Trey Lamont’s name is scrawled above the Jerk Shack’s name on his Belltown signage—as in Trey Lamont’s Jerk Shack, as in this isn’t just any restaurant, but his restaurant. In conversation, he’s very clear that this is his food: Caribbean-influenced, intensely flavorful, all made from scratch down to grinding the spices for the jerk rub and churning the ice cream for dessert.

“I love cooking everything,” Lamont says. “I think cooking is one of the most natural things for me—tasting things, smelling things. Some people can hear a song and play it without taking a lesson in their lives. I think I have the ability to taste something and go and make it.”

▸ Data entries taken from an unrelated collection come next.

(* In the variation of the temporal graph discovery game in which the Discoverer does not learn the static edge set, there is an algorithm that wins the game on any temporal graph with node set $V$ and lifetime $T_{\max}$ in $|V|\,T_{\max}$ rounds.
   Context: A temporal graph $\mathcal G=(V,E,\lambda)$ with lifetime $T_{\max}$ consists of a finite undirected static graph $(V,E)$ and a labeling $\lambda:E\to\{1,\dots,T_{\max}\}$; edge $e$ is present only at time $\lambda(e)$. Infection model with parameter $\delta\in\mathbb N^+$: given seed infections $S\subseteq V\times[0,T_{\max}]$ (at most $k$ per round), a seed $(u,t)$ makes $u$ infected at time $t$; otherwise a susceptible node $u$ becomes infected at time $t$ iff some neighbour $v$ infectious at time $t$ has $\lambda(uv)=t$ (exactly one infector recorded if several exist). A node infected at time $t$ is infectious at times $t+1,\dots,t+\delta$ and resistant afterwards. The infection log records triples $(u,v,t)$ ($u$ infected $v$ at time $t$). Game (unknown static graph variant): the Discoverer knows only $V$; each round it submits seeds and the Adversary answers with an infection log consistent with the seeds under some temporal graph on $V$ consistent with all previous answers. The Discoverer wins iff the temporal graph (edges and labels) it finally submits equals the Adversary's final temporal graph consistent with all logs. *)

From mathcomp Require Import all_boot.
Set Implicit Arguments. Unset Strict Implicit. Unset Printing Implicit Defensive.

Notation time Tmax := 'I_(Tmax.+1).

(* A temporal graph on V with lifetime Tmax is represented canonically as a
   finite function on ordered pairs: g (u,v) = Some t iff uv is an edge with
   label t; it must be symmetric, loopless, and labels lie in {1..Tmax}.
   With this canonical representation, equality of temporal graphs
   (edges and labels) is Leibniz equality. *)
Definition tgraph (V : finType) (Tmax : nat) := {ffun V * V -> option (time Tmax)}.

Definition valid_tgraph (V : finType) (Tmax : nat) (g : tgraph V Tmax) : Prop :=
  (forall u v, g (u, v) = g (v, u)) /\
  (forall u, g (u, u) = None) /\
  (forall u v (t : time Tmax), g (u, v) = Some t -> 0 < t).

Definition seeds (V : finType) (Tmax : nat) := {set V * time Tmax}.
Definition ilog (V : finType) (Tmax : nat) := {set V * V * time Tmax}.

(* I v = Some s : v got infected at time s; None : never infected. *)
Definition infectious (V : finType) (Tmax delta : nat)
    (I : V -> option (time Tmax)) (u : V) (t : time Tmax) : Prop :=
  exists s : time Tmax, I u = Some s /\ s < t /\ t <= s + delta.

(* v would become infected at time t if it were susceptible at time t *)
Definition triggered (V : finType) (Tmax delta : nat) (g : tgraph V Tmax)
    (S : seeds V Tmax) (I : V -> option (time Tmax)) (v : V) (t : time Tmax) : Prop :=
  (v, t) \in S \/ exists u, infectious delta I u t /\ g (u, v) = Some t.

Definition infection_run (V : finType) (Tmax delta : nat) (g : tgraph V Tmax)
    (S : seeds V Tmax) (I : V -> option (time Tmax)) : Prop :=
  forall v, match I v with
    | Some t => triggered delta g S I v t /\
                (forall t' : time Tmax, t' < t -> ~ triggered delta g S I v t')
    | None => forall t : time Tmax, ~ triggered delta g S I v t
    end.

Definition valid_log (V : finType) (Tmax delta : nat) (g : tgraph V Tmax)
    (S : seeds V Tmax) (L : ilog V Tmax) : Prop :=
  exists I, infection_run delta g S I /\
    (forall u v t, (u, v, t) \in L ->
        [/\ I v = Some t, (v, t) \notin S, infectious delta I u t & g (u, v) = Some t]) /\
    (forall v t, I v = Some t -> (v, t) \notin S -> exists! u, (u, v, t) \in L).

(* A history is the chronological list of rounds (seeds submitted, log received). *)
Definition history (V : finType) (Tmax : nat) := seq (seeds V Tmax * ilog V Tmax).

Definition consistent (V : finType) (Tmax delta : nat) (g : tgraph V Tmax)
    (h : history V Tmax) : Prop :=
  valid_tgraph g /\ (forall r, r \in h -> valid_log delta g r.1 r.2).

(* h is a possible play of the Discoverer strategy st against some Adversary:
   in round i the seeds are st applied to the earlier rounds, and the answer
   is consistent (together with all previous answers) with some temporal graph. *)
Definition play_of (V : finType) (Tmax delta : nat)
    (st : history V Tmax -> seeds V Tmax) (h : history V Tmax) : Prop :=
  forall i, i < size h ->
    (nth (set0, set0) h i).1 = st (take i h) /\
    exists g : tgraph V Tmax, consistent delta g (take i.+1 h).

From mathcomp Require Import all_boot.
Set Implicit Arguments. Unset Strict Implicit. Unset Printing Implicit Defensive.

(* In the round seeded with the single infection (v, s), v is the only node
   infected at time s and nobody is infected earlier.  Hence every neighbour u
   with label(vu) = s + 1 is infected at time s + 1, and the only node that can
   be logged as its infector is v, so the log contains (v, u, s + 1).  Seeding
   every pair (v, s) with s < Tmax, one per round, therefore makes every edge
   appear in some log, while every logged triple is an edge: the temporal graph
   is read off the union of the logs. *)

Section InfectionRun.

Variables (V : finType) (Tmax delta : nat) (g : tgraph V Tmax).
Variables (S : seeds V Tmax) (I : V -> option (time Tmax)).
Hypothesis run : infection_run delta g S I.

Lemma infection_run_cause x t : I x = Some t ->
  (x, t) \in S \/ exists y (s : time Tmax), [/\ I y = Some s, s < t & g (y, x) = Some t].
Proof.
move=> Ix; have := run x; rewrite Ix => -[[seed | [y [[s [Iy [lt_st _]]] gyx]]] _].
  by left.
by right; exists y, s.
Qed.

Lemma infection_run_triggered x t : triggered delta g S I x t ->
  exists2 t' : time Tmax, I x = Some t' & t' <= t.
Proof.
have := run x; case: (I x) => [t'|] => [[_ first_t'] trig | never trig].
  by exists t' => //; rewrite leqNgt; apply/negP => /first_t'.
by case: (never t).
Qed.

End InfectionRun.

Section SingleSeed.

Variables (V : finType) (Tmax delta : nat) (g : tgraph V Tmax).
Variables (v : V) (s : time Tmax) (I : V -> option (time Tmax)).
Hypothesis run : infection_run delta g [set (v, s)] I.

Lemma single_seed_infected_after x t : I x = Some t -> s <= t.
Proof.
have [n le_tn] : exists n, t <= n by exists t.
elim: n x t le_tn => [|n IHn] x t le_tn Ix;
  have [/set1P[_ ->] // | [y [s' [Iy lt_s't _]]]] := infection_run_cause run Ix.
- by move: lt_s't; rewrite ltnNge (leq_trans le_tn).
- by apply: leq_trans (ltnW lt_s't); apply: IHn Iy; rewrite -ltnS (leq_trans lt_s't).
Qed.

Lemma single_seed_infected_by_seed_time x t : I x = Some t -> t <= s -> x = v.
Proof.
move=> Ix le_ts; have [/set1P[-> _] // | [y [s' [Iy lt_s't _]]]] := infection_run_cause run Ix.
by have := single_seed_infected_after Iy; rewrite leqNgt (leq_trans lt_s't).
Qed.

Lemma single_seed_infected : I v = Some s.
Proof.
have seed : triggered delta g [set (v, s)] I v s by left; apply/set1P.
have [t Iv le_ts] := infection_run_triggered run seed.
suff <- : t = s by [].
by apply/val_inj/eqP; rewrite eqn_leq le_ts (single_seed_infected_after Iv).
Qed.

End SingleSeed.

Lemma single_seed_log_next_edge (V : finType) (Tmax delta : nat) (g : tgraph V Tmax)
    (v u : V) (s t : time Tmax) (L : ilog V Tmax) :
  0 < delta -> valid_tgraph g -> valid_log delta g [set (v, s)] L ->
  t = s.+1 :> nat -> g (v, u) = Some t -> (v, u, t) \in L.
Proof.
move=> delta_gt0 [_ [loopless _]] [I [run [log_sound log_complete]]] ts gvu.
have neq_uv : u != v by apply: contra_eqN gvu => /eqP ->; rewrite loopless.
have v_infectious : infectious delta I v t.
  by exists s; rewrite (single_seed_infected run) ts ltnSn -{1}(addn0 s) ltn_add2l.
have Iu : I u = Some t.
  have u_triggered : triggered delta g [set (v, s)] I u t by right; exists v.
  have [t' Iu le_t't] := infection_run_triggered run u_triggered.
  suff -> : t = t' by [].
  apply/val_inj/eqP; rewrite /= eqn_leq le_t't andbT ts ltnNge; apply/negP => le_t's.
  by move: neq_uv; rewrite (single_seed_infected_by_seed_time run Iu le_t's) eqxx.
have not_seed : (u, t) \notin [set (v, s)] by apply: contra neq_uv => /set1P[->].
have [w [Lw _]] := log_complete u t Iu not_seed.
have [_ _ [s' [Iw [lt_s't _]]] _] := log_sound _ _ _ Lw.
suff <- : w = v by [].
by apply: (single_seed_infected_by_seed_time run Iw); rewrite -ltnS -ts.
Qed.

Section SeedingStrategy.

Variables (V : finType) (Tmax : nat).

(* Seed times range over 0 .. Tmax - 1, one below the edge labels 1 .. Tmax. *)
Definition seed_schedule : seq (V * time Tmax) :=
  [seq (v, widen_ord (leqnSn Tmax) s) | v <- enum V, s <- enum 'I_Tmax].

Definition seed_strategy (h : history V Tmax) : seeds V Tmax :=
  if ohead (drop (size h) seed_schedule) is Some p then [set p] else set0.

Definition logged (h : history V Tmax) (e : V * V * time Tmax) : bool :=
  has (fun r : seeds V Tmax * ilog V Tmax => e \in r.2) h.

Definition read_graph (h : history V Tmax) : tgraph V Tmax :=
  [ffun vu => [pick t | logged h (vu.1, vu.2, t)]].

Lemma card_seed_strategy h : #|seed_strategy h| <= 1.
Proof. by rewrite /seed_strategy; case: ohead => [p|]; rewrite ?cards1 ?cards0. Qed.

Lemma size_seed_schedule : size seed_schedule = #|V| * Tmax.
Proof. by rewrite size_allpairs size_enum_ord cardE. Qed.

Variable delta : nat.

Lemma seed_strategy_played (h : history V Tmax) p :
  size h = #|V| * Tmax -> play_of delta seed_strategy h -> p \in seed_schedule ->
  exists2 r, r \in h & r.1 = [set p].
Proof.
move=> size_h play p_sched.
have lt_ih : index p seed_schedule < size h by rewrite size_h -size_seed_schedule index_mem.
exists (nth (set0, set0) h (index p seed_schedule)); first exact: mem_nth.
have [-> _] := play _ lt_ih.
rewrite /seed_strategy (size_takel (ltnW lt_ih)).
by rewrite (drop_nth p) ?index_mem // nth_index.
Qed.

Lemma logged_edge (g : tgraph V Tmax) h u w t :
  consistent delta g h -> logged h (u, w, t) -> g (u, w) = Some t.
Proof.
move=> [_ logs_valid] /hasP[r /logs_valid[I [_ [log_sound _]]]].
by case/log_sound.
Qed.

Lemma edge_logged (g : tgraph V Tmax) h v u t :
  0 < delta -> size h = #|V| * Tmax -> play_of delta seed_strategy h ->
  consistent delta g h -> g (v, u) = Some t -> logged h (v, u, t).
Proof.
move=> delta_gt0 size_h play [g_valid logs_valid] gvu.
have t_gt0 : 0 < t by have [_ [_ label_gt0]] := g_valid; apply: label_gt0 gvu.
have lt_pred_t : t.-1 < Tmax by rewrite prednK // -ltnS.
set s := widen_ord (leqnSn Tmax) (Ordinal lt_pred_t).
have t_next : t = s.+1 :> nat by rewrite /= prednK.
have sched : (v, s) \in seed_schedule.
  by apply/allpairsP; exists (v, Ordinal lt_pred_t); rewrite !mem_enum.
have [r hr r_seeds] := seed_strategy_played size_h play sched.
apply/hasP; exists r => //.
apply: (single_seed_log_next_edge delta_gt0 g_valid _ t_next gvu).
by rewrite -r_seeds; apply: logs_valid.
Qed.

End SeedingStrategy.

Theorem mainTheorem14 (V : finType) (Tmax delta k : nat) :
  0 < delta -> 0 < k ->
  exists (st : history V Tmax -> seeds V Tmax) (guess : history V Tmax -> tgraph V Tmax),
    (forall h, #|st h| <= k) /\
    forall h : history V Tmax,
      size h = #|V| * Tmax -> play_of delta st h ->
      forall g : tgraph V Tmax, consistent delta g h -> g = guess h.
Proof.
move=> delta_gt0 k_gt0; exists (@seed_strategy V Tmax), (@read_graph V Tmax).
split=> [h | h size_h play g cons_g].
  exact: leq_trans (card_seed_strategy h) k_gt0.
apply/ffunP => -[v u]; rewrite ffunE /=.
case: pickP => [t /(logged_edge cons_g) // | not_logged].
case gvu: (g (v, u)) => [t|] //.
by move: (not_logged t); rewrite (edge_logged delta_gt0 size_h play cons_g gvu).
Qed.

The chef, born and raised in Seattle, has been working in kitchens since he was just 14. Yet he didn’t start cooking Caribbean food until he realized how much he missed Caribbean flavors after returning from vacations visiting family on the islands.

First came Papa Bois, a food truck he launched in 2012. Then, the owners of three restaurants/bars (The Innkeeper, Black Bottle and Bar Vacilando) came calling, asking if he’d take over The Innkeeper and infuse the menu with the Caribbean fusion diners love from his food truck. (He’s quick to point out his food is a fusion of the different islands’ cuisines and not Asian fusion, which he often reads in reviews.)

Crispy fried whitefish is a crowd favorite. Photograph by Alex Crook

He didn’t so much take over The Innkeeper as completely revamp it into the Jerk Shack. The vibe inside is as chill as you’d expect—vibrant with mustard and turquoise to offset the omnipresent Seattle gray—and bigger than the name implies. Cocktails are fruity but pack a powerful punch. Frequently, Lamont himself brings plates to the table. Just don’t ask him what his favorite dishes are: “It’s like choosing between your children!” Diners lean toward the unbattered, spice-rubbed jerk fried chicken ($20), but I loved the fried fillets of whitefish ($17) with plantains most. Don’t miss the dipping sauces—they’re all excellent.